* Exercise aim *
Each line from the one containing "exact: sum_norm_le_sqrt_card." through the end of the data must be retyped exactly, and no other line.

*** Records shown ***

(* Let $f\in\mathcal{F}_{G,M}$ be a WTP function, $\tilde f$ its concave relaxation, and $\widetilde F(\tilde x)=\max_{\tilde y\in\widetilde{\mathcal{Y}}_{\mathcal{M}}(\tilde x)}\tilde f(\tilde y)$ for $\tilde x\in\widetilde{\mathcal{X}}_\ell$. Then $\widetilde F$ is $GM^2\sqrt n$-Lipschitz with respect to the Euclidean norm on $\widetilde{\mathcal{X}}_\ell$.
   Context: $\mathcal{M}$ is a matroid on $[n]$ with matroid polytope $\mathcal{P}(\mathcal{M})$. $\widetilde{\mathcal{X}}_\ell=\{\tilde x\in[0,1]^n:\sum_i\tilde x_i\le\ell\}$, $\widetilde{\mathcal{Y}}_{\mathcal{M}}(\tilde x)=\{\tilde y\in[0,1]^n:\tilde y\in\mathcal{P}(\mathcal{M}),\tilde y\le\tilde x\}$. A WTP function is $f(y)=\sum_{j\in\mathcal{C}}c_j\min\{b_j,y\cdot w_j\}$ for $y\in\{0,1\}^n$ with finite $\mathcal{C}$, $c_j>0$, $b_j\in\mathbb{R}_{\ge0}\cup\{\infty\}$, $w_j\in\mathbb{R}^n_{\ge0}$; $\tilde f$ is the same formula on $[0,1]^n$. $\mathcal{F}_{G,M}$ is the class of WTP functions with $|\mathcal{C}|\le G$ and $c_j\le M$, $b_j\le M$, $\|w_j\|_\infty\le M$ for all $j\in\mathcal{C}$. *)

From HB Require Import structures.
From mathcomp Require Import all_boot all_order all_algebra.
From mathcomp Require Import all_classical all_reals.

Set Implicit Arguments. Unset Strict Implicit. Unset Printing Implicit Defensive.
Import Order.TTheory GRing.Theory Num.Theory.
Local Open Scope ring_scope.

Record matroid (n : nat) := Matroid {
  indep : {set 'I_n} -> bool;
  indep0 : indep (finset.set0 : {set 'I_n});
  indep_sub : forall A B : {set 'I_n}, (A \subset B) -> indep B -> indep A;
  indep_aug : forall A B : {set 'I_n}, indep A -> indep B -> (#|A| < #|B|)%N ->
     exists2 x, x \in B :\: A & indep (x |: A)
}.

Definition in_matroid_polytope (R : realType) (n : nat) (Mt : matroid n)
    (y : 'I_n -> R) : Prop :=
  exists lam : {set 'I_n} -> R,
    [/\ forall S, 0 <= lam S,
        forall S, ~~ indep Mt S -> lam S = 0,
        \sum_(S : {set 'I_n}) lam S = 1
      & forall i, y i = \sum_(S : {set 'I_n}) lam S * (i \in S)%:R].

Definition Xl (R : realType) (n l : nat) (x : 'I_n -> R) : Prop :=
  (forall i, 0 <= x i <= 1) /\ \sum_i x i <= l%:R.

Definition Yset (R : realType) (n : nat) (Mt : matroid n) (x : 'I_n -> R)
    : set ('I_n -> R) :=
  [set y | [/\ forall i, 0 <= y i <= 1, in_matroid_polytope Mt y
            & forall i, y i <= x i]].

(* WTP function with data (c_j, b_j, w_j)_{j < k}, evaluated on [0,1]^n
   (concave relaxation f~); b_j : \bar R, +oo allowed. *)
Definition wtp_relax (R : realType) (n k : nat) (c : 'I_k -> R)
    (b : 'I_k -> \bar R) (w : 'I_k -> 'I_n -> R) (y : 'I_n -> R) : R :=
  \sum_(j < k) c j * fine (Order.min (b j) (\sum_i y i * w j i)%:E).

Definition in_FGM (R : realType) (n k : nat) (G : nat) (M : R) (c : 'I_k -> R)
    (b : 'I_k -> \bar R) (w : 'I_k -> 'I_n -> R) : Prop :=
  (k <= G)%N /\
  forall j, [/\ 0 < c j, c j <= M, (0 <= b j)%E, (b j <= M%:E)%E
             & forall i, 0 <= w j i /\ `|w j i| <= M].

(* F~(x) = max_{y in Y~_M(x)} f~(y), written as a supremum (attained). *)
Definition Ftilde (R : realType) (n k : nat) (Mt : matroid n) (c : 'I_k -> R)
    (b : 'I_k -> \bar R) (w : 'I_k -> 'I_n -> R) (x : 'I_n -> R) : R :=
  sup [set wtp_relax c b w y | y in Yset Mt x].

Definition eucl_dist (R : realType) (n : nat) (x x' : 'I_n -> R) : R :=
  Num.sqrt (\sum_i (x i - x' i) ^+ 2).

From HB Require Import structures.
From mathcomp Require Import all_boot all_order all_algebra.
From mathcomp Require Import all_classical all_reals.
From mathcomp Require Import ring lra.
Import Order.TTheory GRing.Theory Num.Theory.
Local Open Scope ring_scope.

(* For y feasible at x, its truncation y' := min(y, x') is feasible at x',
   because the matroid polytope is down-closed: lowering one coordinate of y
   is a convex combination of y and of y with that coordinate zeroed, and
   zeroing coordinate i amounts to replacing each independent set S by S \ i.
   As 0 <= y - y' <= |x - x'| coordinatewise, and each summand
   c_j min(b_j, y.w_j) of the relaxation grows by at most c_j (y - y').w_j
   along nonnegative directions, f(y) - f(y') <= G M^2 |x - x'|_1, and
   |x - x'|_1 <= sqrt n |x - x'|_2 by Cauchy-Schwarz. Hence
   F(x) <= F(x') + G M^2 sqrt n |x - x'|_2, and symmetrically. *)

Section MatroidPolytope.

Variables (R : realType) (n : nat) (Mt : matroid n).
Implicit Types (x y z : 'I_n -> R) (i : 'I_n).

Lemma in_matroid_polytope0 : in_matroid_polytope Mt (fun=> 0 : R).
Proof.
exists (fun S => (S == finset.set0)%:R); split=> [S|S|/=|i].
- by rewrite ler0n.
- by case: eqP => // ->; rewrite indep0.
- by rewrite (bigD1 finset.set0) //= eqxx big1 ?addr0 // => S /negbTE ->.
- rewrite (bigD1 finset.set0) //= inE mulr0 big1 ?addr0 // => S /negbTE ->.
  by rewrite mul0r.
Qed.

Lemma in_matroid_polytope_convex {y z} {t : R} : 0 <= t <= 1 ->
  in_matroid_polytope Mt y -> in_matroid_polytope Mt z ->
  in_matroid_polytope Mt (fun i => t * y i + (1 - t) * z i).
Proof.
move=> /andP[t0 t1] [ly [ly0 lyI ly1 lyE]] [lz [lz0 lzI lz1 lzE]].
exists (fun S => t * ly S + (1 - t) * lz S); split=> [S|S nS|/=|i].
- by apply: addr_ge0; apply: mulr_ge0; rewrite ?subr_ge0.
- by rewrite lyI // lzI // !mulr0 addr0.
- by rewrite big_split /= -!mulr_sumr ly1 lz1 !mulr1 addrC subrK.
- rewrite lyE lzE !mulr_sumr -big_split /=; apply: eq_bigr => S _.
  by rewrite [RHS]mulrDl -!mulrA.
Qed.

Lemma in_matroid_polytope_zero_coord {y} i : in_matroid_polytope Mt y ->
  in_matroid_polytope Mt (fun j => if j == i then 0 else y j).
Proof.
move=> [lam [lam0 lamI lam1 lamE]].
exists (fun T => \sum_(S | S :\ i == T) lam S); split=> [T|T nT|/=|j].
- exact: sumr_ge0.
- apply: big1 => S /eqP defT; apply: lamI; apply: contra nT => indepS.
  by rewrite -defT (indep_sub (subD1set S i)).
- by rewrite -lam1 [RHS](partition_big (fun S => S :\ i) predT).
- rewrite lamE (partition_big (fun S => S :\ i) predT) //=.
  under [RHS]eq_bigr do rewrite mulr_suml.
  case: eqP => [->|/eqP/negbTE ji].
    by rewrite big1 // => T _; rewrite big1 // => S /eqP <-; rewrite setD11 mulr0.
  apply: eq_bigr => T _; apply: eq_bigr => S /eqP <-.
  by rewrite in_setD1 ji.
Qed.

Lemma in_matroid_polytope_lower_coord {y i} {a : R} : 0 <= a <= y i ->
  in_matroid_polytope Mt y ->
  in_matroid_polytope Mt (fun j => if j == i then a else y j).
Proof.
move=> /andP[a0 ay] Py.
have [y0|yi0] := eqVneq (y i) 0.
  have -> : a = 0 by apply/eqP; rewrite eq_le a0 -y0 ay.
  exact: in_matroid_polytope_zero_coord.
have yi_gt0 : 0 < y i by rewrite lt_def yi0 (le_trans a0 ay).
have t01 : 0 <= a / y i <= 1.
  by rewrite divr_ge0 ?(ltW yi_gt0) //= ler_pdivrMr // mul1r.
have := in_matroid_polytope_convex t01 Py (in_matroid_polytope_zero_coord i Py).
congr in_matroid_polytope; apply/funext => j.
by case: eqP => [->|_]; rewrite ?(mulr0, addr0, divfK) // -mulrDl addrC subrK mul1r.
Qed.

Lemma in_matroid_polytope_downward y z : in_matroid_polytope Mt y ->
  (forall i, 0 <= z i <= y i) -> in_matroid_polytope Mt z.
Proof.
move=> Py zy.
have -> : z = fun i => if i \in enum 'I_n then z i else y i.
  by apply/funext => i; rewrite mem_enum.
elim: (enum 'I_n) => [|i s IH].
  by congr in_matroid_polytope: Py; apply/funext => i; rewrite in_nil.
have zi_le : 0 <= z i <= (if i \in s then z i else y i).
  by have /andP[zi0 ziy] := zy i; case: (i \in s); rewrite zi0 ?lexx.
have := in_matroid_polytope_lower_coord zi_le IH.
congr in_matroid_polytope; apply/funext => j.
by rewrite in_cons; case: eqP => [->|].
Qed.

Lemma Yset0 x : (forall i, 0 <= x i) -> Yset Mt x (fun=> 0).
Proof.
move=> x0; split=> [i||//]; first by rewrite lexx ler01.
exact: in_matroid_polytope0.
Qed.

End MatroidPolytope.

Lemma sum_norm_le_sqrt_card (R : realType) (n : nat) (a : 'I_n -> R) :
  \sum_i `|a i| <= Num.sqrt n%:R * Num.sqrt (\sum_i a i ^+ 2).
Proof.
have sum_sqr_ge0 : 0 <= \sum_i a i ^+ 2 by apply: sumr_ge0 => i _; apply: sqr_ge0.
have sq_le : (\sum_i `|a i|) ^+ 2 <= n%:R * \sum_i a i ^+ 2.
  have -> : \sum_i a i ^+ 2 = \sum_i `|a i| ^+ 2.
    by apply: eq_bigr => i _; rewrite real_normK ?num_real.
  rewrite expr2 mulr_suml.
  apply: (@le_trans _ _ (\sum_i \sum_j (`|a i| ^+ 2 + `|a j| ^+ 2) / 2)).
    apply: ler_sum => i _; rewrite mulr_sumr; apply: ler_sum => j _.
    exact: (leif_mean_square _ _).1.
  under eq_bigr do rewrite -mulr_suml big_split /= sumr_const card_ord.
  rewrite -mulr_suml big_split /= sumr_const card_ord sumrMnl -mulr_natr.
  by rewrite le_eqVlt; apply/orP; left; apply/eqP; field.
rewrite -sqrtrM ?ler0n // -(ger0_norm (sumr_ge0 _ (fun i _ => normr_ge0 (a i)))).
by rewrite -sqrtr_sqr ler_sqrt // mulr_ge0 ?ler0n.
Qed.

Lemma fine_min_EFin_subr_le (R : realType) (e : \bar R) (s s' : R) : s' <= s ->
  fine (Order.min e s%:E) - fine (Order.min e s'%:E) <= s - s'.
Proof.
move=> s's; case: e => [r||] //=; last by rewrite !minNye subrr subr_ge0.
by rewrite -!EFin_min /=; case: (ltP r s) => ?; case: (ltP r s') => ?; lra.
Qed.

Section WtpRelax.

Context {R : realType} {n k : nat} (Mt : matroid n).
Context {c : 'I_k -> R} {b : 'I_k -> \bar R} {w : 'I_k -> 'I_n -> R}.
Implicit Types (x y : 'I_n -> R).

Lemma wtp_relax_subr_le {y y'} : (forall j, 0 <= c j) ->
  (forall j i, 0 <= w j i) -> (forall i, y' i <= y i) ->
  wtp_relax c b w y - wtp_relax c b w y' <= \sum_j c j * \sum_i (y i - y' i) * w j i.
Proof.
move=> c0 w0 y'y; rewrite /wtp_relax -sumrB; apply: ler_sum => j _.
rewrite -mulrBr ler_wpM2l //.
have -> : \sum_i (y i - y' i) * w j i = \sum_i y i * w j i - \sum_i y' i * w j i.
  by rewrite -sumrB; apply: eq_bigr => i _; rewrite mulrBl.
by apply: fine_min_EFin_subr_le; apply: ler_sum => i _; rewrite ler_wpM2r.
Qed.

Context {G : nat} {M : R}.
Hypothesis cbw_FGM : in_FGM G M c b w.

Lemma wtp_relax_subr_le_FGM {y y'} {d : 'I_n -> R} :
  (forall i, 0 <= y i - y' i <= d i) ->
  wtp_relax c b w y - wtp_relax c b w y' <= G%:R * M ^+ 2 * \sum_i d i.
Proof.
have [kG cbw] := cbw_FGM; move=> yd.
have [y'y d0] : (forall i, y' i <= y i) /\ 0 <= \sum_i d i.
  split=> [i|]; first by have /andP[] := yd i; rewrite subr_ge0.
  by apply: sumr_ge0 => i _; have /andP[] := yd i; apply: le_trans.
have c0 j : 0 <= c j by have [/ltW] := cbw j.
have w0 j i : 0 <= w j i by have [_ _ _ _ /(_ i) []] := cbw j.
apply: le_trans (wtp_relax_subr_le c0 w0 y'y) _.
have term j : c j * \sum_i (y i - y' i) * w j i <= M * (M * \sum_i d i).
  have [_ cM _ _ wM] := cbw j.
  have ydi_ge0 i : 0 <= y i - y' i by have /andP[] := yd i.
  apply: ler_pM => //; first by apply: sumr_ge0 => i _; rewrite mulr_ge0.
  rewrite mulr_sumr; apply: ler_sum => i _; rewrite mulrC.
  have /andP[_ ydi] := yd i; have [_ wjM] := wM i.
  by apply: ler_pM => //; apply: le_trans (ler_norm _) wjM.
apply: le_trans (ler_sum _ (fun j _ => term j)) _.
have -> : M * (M * \sum_i d i) = M ^+ 2 * \sum_i d i by rewrite mulrA -expr2.
rewrite sumr_const card_ord -[_ *+ k]mulr_natl mulrA.
by rewrite ler_wpM2r // ler_wpM2r ?sqr_ge0 ?ler_nat.
Qed.

Local Open Scope classical_set_scope.

Lemma wtp_relax_Yset_has_ubound x :
  has_ubound [set wtp_relax c b w y | y in Yset Mt x].
Proof.
exists (wtp_relax c b w (fun=> 0) + G%:R * M ^+ 2 * \sum_(i < n) 1).
move=> _ [y [y01 _ _] <-]; rewrite -lerBlDl.
by apply: wtp_relax_subr_le_FGM => i; rewrite subr0.
Qed.

Lemma Ftilde_le_add_l1 x x' :
  (forall i, 0 <= x i <= 1) -> (forall i, 0 <= x' i <= 1) ->
  Ftilde Mt c b w x <= Ftilde Mt c b w x' + G%:R * M ^+ 2 * \sum_i `|x i - x' i|.
Proof.
move=> x01 x'01.
apply: ge_sup.
  exists (wtp_relax c b w (fun=> 0)), (fun=> 0) => //.
  by apply: Yset0 => i; have /andP[] := x01 i.
move=> _ [y [y01 Py yx] <-].
pose y' i := Num.min (y i) (x' i).
have y'_ge0 i : 0 <= y' i.
  have /andP[y0 _] := y01 i; have /andP[x'0 _] := x'01 i.
  by rewrite le_min y0 x'0.
have Yy' : Yset Mt x' y'.
  split=> [i||i]; last by rewrite ge_min lexx orbT.
  - have /andP[_ x'1] := x'01 i.
    by rewrite y'_ge0 ge_min x'1 orbT.
  - apply: in_matroid_polytope_downward Py _ => i.
    by rewrite y'_ge0 ge_min lexx.
have yy' i : 0 <= y i - y' i <= `|x i - x' i|.
  have := yx i; have := ler_norm (x i - x' i); have := normr_ge0 (x i - x' i).
  by rewrite /y'; case: (ltP (y i) (x' i)) => yx'i d0 d_le yxi; apply/andP; split; lra.
have := wtp_relax_subr_le_FGM yy'; rewrite lerBlDl => /le_trans; apply.
rewrite lerD2r; apply: ub_le_sup; first exact: wtp_relax_Yset_has_ubound.
by exists y'.
Qed.

End WtpRelax.

Theorem lemma17 (R : realType) (n : nat) (Mt : matroid n) (l G : nat) (M : R)
    (k : nat) (c : 'I_k -> R) (b : 'I_k -> \bar R) (w : 'I_k -> 'I_n -> R) :
  in_FGM G M c b w ->
  forall x x' : 'I_n -> R, Xl l x -> Xl l x' ->
  `|Ftilde Mt c b w x - Ftilde Mt c b w x'|
    <= G%:R * M ^+ 2 * Num.sqrt n%:R * eucl_dist x x'.
Proof.
move=> cbw_FGM x x' [x01 _] [x'01 _].
have le_xx' := Ftilde_le_add_l1 Mt cbw_FGM x x' x01 x'01.
have le_x'x := Ftilde_le_add_l1 Mt cbw_FGM x' x x'01 x01.
have sym : \sum_i `|x' i - x i| = \sum_i `|x i - x' i|.
  by apply: eq_bigr => i _; rewrite distrC.
have l1_le_l2 : G%:R * M ^+ 2 * \sum_i `|x i - x' i|
    <= G%:R * M ^+ 2 * Num.sqrt n%:R * eucl_dist x x'.
  rewrite -[_ * eucl_dist _ _]mulrA ler_wpM2l ?(mulr_ge0 (ler0n _ _) (sqr_ge0 M)) //.
  exact: sum_norm_le_sqrt_card.
rewrite sym in le_x'x; rewrite ler_norml; apply/andP; split; lra.
Qed.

***

* Exercise response *
  exact: sum_norm_le_sqrt_card.
rewrite sym in le_x'x; rewrite ler_norml; apply/andP; split; lra.
Qed.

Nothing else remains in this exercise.